(* Let $\mathcal{T}$ be a triangulation of $C(m,2d+1)$, $v\in[m]$, and let $S,R$ be $2d$-simplices of $\mathcal{T}\backslash v$ (with $S\cap R$ of size $2d$). Then $S\cap R$ cannot be both a lower facet of $S$ and a lower facet of $R$; similarly $S\cap R$ cannot be both an upper facet of $S$ and an upper facet of $R$.
   Context: $C(V,n)$ is the cyclic polytope on a finite ordered set $V$ (convex hull of $(t_v,\dots,t_v^n)$, $t_v$ increasing); $C(m,n)=C([m],n)$; a triangulation of it is a set of $(n+1)$-subsets whose geometric simplices form a simplicial complex covering it. For a triangulation $\mathcal{T}$ of $C(m,2d+1)$ and $v\in[m]$, $\mathcal{T}\backslash v=\{S\setminus\{v\}: S\in\mathcal{T},\ v\in S\}$, a set of $2d$-simplices ($(2d+1)$-subsets of $[m]\setminus\{v\}$). Let $[m]_{v+}=\{1,\dots,v-1,x,y,v+1,\dots,m\}$ ordered with $v-1<x<y<v+1$. The circuits of $C(V,2d+1)$ are the pairs $(Z,Z')$ of disjoint subsets with, after listing $Z\cup Z'$ increasingly as $c_0<c_1<\dots<c_{2d+2}$, one of $Z,Z'$ equal to $\{c_1,c_3,\dots,c_{2d+1}\}$ and the other to $\{c_0,c_2,\dots,c_{2d+2}\}$. For a $2d$-simplex $S$ of $\mathcal{T}\backslash v$, the set $S\cup\{x,y\}$ has $2d+3$ elements and so splits uniquely into the two halves of a circuit of $C([m]_{v+},2d+1)$; since $x,y$ are adjacent they lie in different halves, and we write these halves as $S_-\cup\{x\}$ and $S_+\cup\{y\}$ with $S=S_-\sqcup S_+$. For $s\in S$, $S\setminus\{s\}$ is a lower facet of $S$ if $s\in S_+$ and an upper facet of $S$ if $s\in S_-$. *)

From mathcomp Require Import all_boot all_order all_algebra.
Set Implicit Arguments. Unset Strict Implicit. Unset Printing Implicit Defensive.
Import Order.TTheory GRing.Theory Num.Theory.
Local Open Scope ring_scope.

(* Vertices of C(m, 2d+1) are the elements of 'I_m (vertex i stands for the
   paper's vertex i+1), with parameters t : 'I_m -> R strictly increasing. *)

Section Cyclic.
Variables (R : realFieldType) (d m : nat) (t : 'I_m -> R).

Definition mpoint (u : 'I_m) : 'rV[R]_(2 * d).+1 :=
  \row_(i < (2 * d).+1) (t u) ^+ i.+1.

Definition in_conv (A : {set 'I_m}) (x : 'rV[R]_(2 * d).+1) : Prop :=
  exists lam : 'I_m -> R,
    [/\ forall i, 0 <= lam i,
        forall i, i \notin A -> lam i = 0,
        \sum_i lam i = 1
      & x = \sum_i lam i *: mpoint i].

(* T is a triangulation of C(m, 2d+1): its elements are (2d+2)-subsets whose
   geometric simplices pairwise intersect in a common face (simplicial
   complex) and whose union is the whole polytope. *)
Definition triangulation (T : {set {set 'I_m}}) : Prop :=
  [/\ forall S, S \in T -> #|S| = (2 * d).+2,
      forall S S', S \in T -> S' \in T -> forall x,
        (in_conv S x /\ in_conv S' x) <-> in_conv (S :&: S') x
    & forall x, in_conv [set: 'I_m] x <-> exists2 S, S \in T & in_conv S x].
End Cyclic.

Section Link.
Variable m : nat.

Definition link (T : {set {set 'I_m}}) (v : 'I_m) : {set {set 'I_m}} :=
  [set S :\ v | S in [set S in T | v \in S]].

(* The ordered set [m]_{v+} embedded order-preservingly into nat:
   u <> v  |->  2u+2,   x |-> 2v+1,   y |-> 2v+3. *)
Definition key (u : 'I_m) : nat := (2 * u + 2)%N.
Definition xkey (v : 'I_m) : nat := (2 * v + 1)%N.
Definition ykey (v : 'I_m) : nat := (2 * v + 3)%N.

Definition ext (v : 'I_m) (S : {set 'I_m}) : seq nat :=
  xkey v :: ykey v :: [seq key u | u <- enum S].

Definition rnk (v : 'I_m) (S : {set 'I_m}) (z : nat) : nat :=
  count (fun w => (w < z)%N) (ext v S).

(* The circuit halves of S ∪ {x,y} are its even- and odd-indexed elements;
   S_- ∪ {x} is the half containing x, S_+ ∪ {y} the half containing y. *)
Definition Sminus (v : 'I_m) (S : {set 'I_m}) : {set 'I_m} :=
  [set s in S | odd (rnk v S (key s)) == odd (rnk v S (xkey v))].
Definition Splus (v : 'I_m) (S : {set 'I_m}) : {set 'I_m} :=
  [set s in S | odd (rnk v S (key s)) == odd (rnk v S (ykey v))].

Definition lower_facet (v : 'I_m) (S F : {set 'I_m}) : Prop :=
  exists2 s, s \in Splus v S & F = S :\ s.
Definition upper_facet (v : 'I_m) (S F : {set 'I_m}) : Prop :=
  exists2 s, s \in Sminus v S & F = S :\ s.
End Link.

━━━━━━

Exercise prompt
Retype the records above, but only those lines that fall between the line containing "(* The ordered" and the line containing "containing y. *)", with both of those lines included, exactly as written.

Final answer
(* The ordered set [m]_{v+} embedded order-preservingly into nat:
   u <> v  |->  2u+2,   x |-> 2v+1,   y |-> 2v+3. *)
Definition key (u : 'I_m) : nat := (2 * u + 2)%N.
Definition xkey (v : 'I_m) : nat := (2 * v + 1)%N.
Definition ykey (v : 'I_m) : nat := (2 * v + 3)%N.

Definition ext (v : 'I_m) (S : {set 'I_m}) : seq nat :=
  xkey v :: ykey v :: [seq key u | u <- enum S].

Definition rnk (v : 'I_m) (S : {set 'I_m}) (z : nat) : nat :=
  count (fun w => (w < z)%N) (ext v S).

(* The circuit halves of S ∪ {x,y} are its even- and odd-indexed elements;
   S_- ∪ {x} is the half containing x, S_+ ∪ {y} the half containing y. *)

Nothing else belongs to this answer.